Anspieltipp: „Oh, sie glänzen“ (Track 9). Bestellbar über: https://www.unfolkkommen.de/?ID=406&art_param=20

Familie Gerstenberg: „Best of Vol. 3“ (Wolfgang Strauch Musikproduktion 2022, LC 33130)

Die CD enthält zwei Lieder und zehn Instrumentalstücke, allesamt tanzbar - Schottisch, Walzer, Mazurka, Jig, Rondeau, Bourrée, Gavotte, Hanter dro - gespielt auf Akkordeon, verschiedenen Dudelsäcken, Akkordeon, Sopransaxophon, Gitarre, Waldzither, Banjo, Ukulele und Perkussion. Je fünf Kompositionen stammen von Thomas Strauch und Marcus Fabian, zwei von René Pütsch, dem dritten Mann des Trios namens Familie Gerstenberg. Eine leichte Melancholie zieht sich durch die gesamte CD. Als Therapeutikum in Sachen November-Blues wäre sie also nicht wirklich geeignet, es sei denn, man tanzte gegen ihn an, am besten mit dem richtigen Partner bzw. der richtigen Partnerin im Arm, egal ob zum „Winterwirbel“ oder den „Zehn Prozent auf Frühling“. Als Service für Musikanten, welche die Stücke nachspielen möchten, stehen im Booklet die Noten.

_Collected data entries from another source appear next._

(* Let $\mathcal{A}$ be a Desargues affine plane, let $\ell_1=\ell^{OI}$ and $\ell_2$ be lines of $\mathcal{A}$ ($O\neq I$), and let $P_P:\ell_1\to\ell_2$ be a parallel projection. Equip $\ell_1$ with the skew field structure with zero $O$ and unit $I$, and $\ell_2$ with the skew field structure with zero $P_P(O)$ and unit $P_P(I)$. Then for all $A,B\in\ell_1$ with $B\neq O$, \[ P_P(r(A:B))=r(P_P(A):P_P(B)), \] where the ratio on the left is computed in $\ell_1$ and the ratio on the right in $\ell_2$.
   Context: A Desargues affine plane is an incidence structure of points and lines in which any two distinct points lie on exactly one line, through a point not on a line $\ell$ there is exactly one line disjoint from $\ell$ (Playfair), there exist three non-collinear points, and Desargues' axiom holds: if $A,B,C,A',B',C'$ are points such that the pairwise distinct lines $AA',BB',CC'$ are either all parallel or all pass through one point, and $AB\parallel A'B'$, $BC\parallel B'C'$ (with $AB\neq A'B'$, $BC\neq B'C'$, $A\ne C$, $A'\ne C'$), then $AC\parallel A'C'$. Skew field on a line: for distinct points $O,I$ and points $A,B$ on the line $\ell^{OI}$, addition is defined by: choose a point $B_1\notin\ell^{OI}$; let $P_1$ be the intersection of the line through $B_1$ parallel to $\ell^{OI}$ with the line through $A$ parallel to $OB_1$; then $A+B$ is the intersection of $\ell^{OI}$ with the line through $P_1$ parallel to $BB_1$. Multiplication is defined by: choose $B_1\notin\ell^{OI}$; let $P_1$ be the intersection of the line through $A$ parallel to $IB_1$ with the line $OB_1$; then $A\cdot B$ is the intersection of $\ell^{OI}$ with the line through $P_1$ parallel to $BB_1$. These operations do not depend on the choice of $B_1$ and make $(\ell^{OI},+,\cdot)$ a skew field with zero $O$ and unit $I$; the same construction applies to any line with any chosen pair of distinct points as zero and unit. $X^{-1}$ denotes the multiplicative inverse. Ratio of two points on a line with chosen zero $O$: $r(A:B)=B^{-1}A$ for $B\neq O$. A parallel projection between lines $\ell_1,\ell_2$ is a map $P_P:\ell_1\to\ell_2$ such that for all $A,B\in\ell_1$ the lines $A\,P_P(A)$ and $B\,P_P(B)$ are parallel (it is a bijection). *)

From Stdlib Require Import Classical ClassicalEpsilon.

Section Generic.
Variables (P L : Type) (inc : P -> L -> Prop).
Definition gpar (l m : L) : Prop := l = m \/ ~ (exists X, inc X l /\ inc X m).
Definition gdisjoint (l m : L) : Prop := ~ (exists X, inc X l /\ inc X m).
End Generic.
Arguments gpar {P L} inc l m.
Arguments gdisjoint {P L} inc l m.

Record DesarguesAffinePlane := {
  Point : Type;
  Line : Type;
  inc : Point -> Line -> Prop;
  ax_line : forall A B : Point, A <> B ->
      exists l, (inc A l /\ inc B l) /\
                forall m, inc A m /\ inc B m -> m = l;
  ax_playfair : forall (A : Point) (l : Line), ~ inc A l ->
      exists m, (inc A m /\ gdisjoint inc m l) /\
                forall n, inc A n /\ gdisjoint inc n l -> n = m;
  ax_noncol : exists A B C : Point, A <> B /\ B <> C /\ A <> C /\
      ~ (exists l, inc A l /\ inc B l /\ inc C l);
  (* Desargues' axiom (lines named explicitly: a = AA', ab = AB, ...) *)
  ax_desargues : forall (A B C A' B' C' : Point)
      (a b c ab a'b' bc b'c' ac a'c' : Line),
      A <> A' -> B <> B' -> C <> C' ->
      A <> B -> A' <> B' -> B <> C -> B' <> C' -> A <> C -> A' <> C' ->
      inc A a -> inc A' a -> inc B b -> inc B' b -> inc C c -> inc C' c ->
      inc A ab -> inc B ab -> inc A' a'b' -> inc B' a'b' ->
      inc B bc -> inc C bc -> inc B' b'c' -> inc C' b'c' ->
      inc A ac -> inc C ac -> inc A' a'c' -> inc C' a'c' ->
      a <> b -> b <> c -> a <> c ->
      ((gpar inc a b /\ gpar inc b c /\ gpar inc a c) \/
       (exists S, inc S a /\ inc S b /\ inc S c)) ->
      gpar inc ab a'b' -> ab <> a'b' ->
      gpar inc bc b'c' -> bc <> b'c' ->
      gpar inc ac a'c'
}.

Arguments inc {d} _ _.

Section Plane.
Variable Pi : DesarguesAffinePlane.
Local Notation Pt := (Point Pi).
Local Notation Ln := (Line Pi).

Definition par (l m : Ln) : Prop := gpar (@inc Pi) l m.

Lemma point_inh : inhabited Pt.
Proof. destruct (ax_noncol Pi) as [A _]. exact (inhabits A). Qed.

Lemma line_inh : inhabited Ln.
Proof.
  destruct (ax_noncol Pi) as [A [B [C [H _]]]].
  destruct (ax_line Pi A B H) as [l _]. exact (inhabits l).
Qed.

Definition the_point (Q : Pt -> Prop) : Pt := epsilon point_inh Q.
Definition the_line (Q : Ln -> Prop) : Ln := epsilon line_inh Q.

Definition line_thru (X Y : Pt) : Ln := the_line (fun l => inc X l /\ inc Y l).
Definition par_thru (X : Pt) (m : Ln) : Ln := the_line (fun n => inc X n /\ par n m).
Definition meet (l m : Ln) : Pt := the_point (fun X => inc X l /\ inc X m).

Definition add (O I A B : Pt) : Pt :=
  let l := line_thru O I in
  let B1 := the_point (fun X => ~ inc X l) in
  let P1 := meet (par_thru B1 l) (par_thru A (line_thru O B1)) in
  meet l (par_thru P1 (line_thru B B1)).

Definition mul (O I A B : Pt) : Pt :=
  let l := line_thru O I in
  let B1 := the_point (fun X => ~ inc X l) in
  let P1 := meet (par_thru A (line_thru I B1)) (line_thru O B1) in
  meet l (par_thru P1 (line_thru B B1)).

Anspieltipp: „Mazurka für L & T“ (Track 7). CD-Bestellungen über https://thomasstrauch.com/?p=7&k=22

Wolfgang Meyering und Michael Waterstradt: „RUCHT“

„Rucht“ - ist ein altes niederdeutsches Wort für „Dämmerung“, am Morgen wie am Abend. Wolfgang Meyering, der in Ostfriesland aufgewachsen ist, hat die zumeist autobiografischen Lieder in seiner niederdeutschen Muttersprache geschrieben. Da ist die Erinnerung an die Jugendzeit, die Liebe als Trost an düsteren Tagen, die flügge gewordene Tochter, die nun ihre eigenen Wege sucht, das Nachdenken über die Vorfahren, die einst ins Moor gingen, um Not und Unterdrückung zu entfliehen und über die Flüchtlinge von heute, die in das Haus hinterm Deich eingezogen sind. Meyering, Mitte der 90er Jahre nach Berlin gezogen, musizierte u. a. bei JAMS und Malbrook. 20 Jahre lang leitete er beim Rudolstadt-Festival den Instrumenten-Schwerpunkt. Michael „Waki“ Waterstadt war 1979-82 Bassist der Ostberliner Band Polkatoffel. Beide kennen sich seit Jahren von diversen Weltmusik-Projekten. Hier haben sie erstmal als Duo zusammengearbeitet - Waki am Kontrabass, Wolfgang an Mandoline, Mandola und Gitarre. Ich bedaure sehr, nicht jede Zeile der niederdeutschen Verse verstanden zu haben, doch die abwechslungsreichen Kompositionen, das einfühlsame Miteinandermusizieren beider und Wolfgangs unter die Haut gehender Gesang machen das Hören für mich dennoch zum Genuss.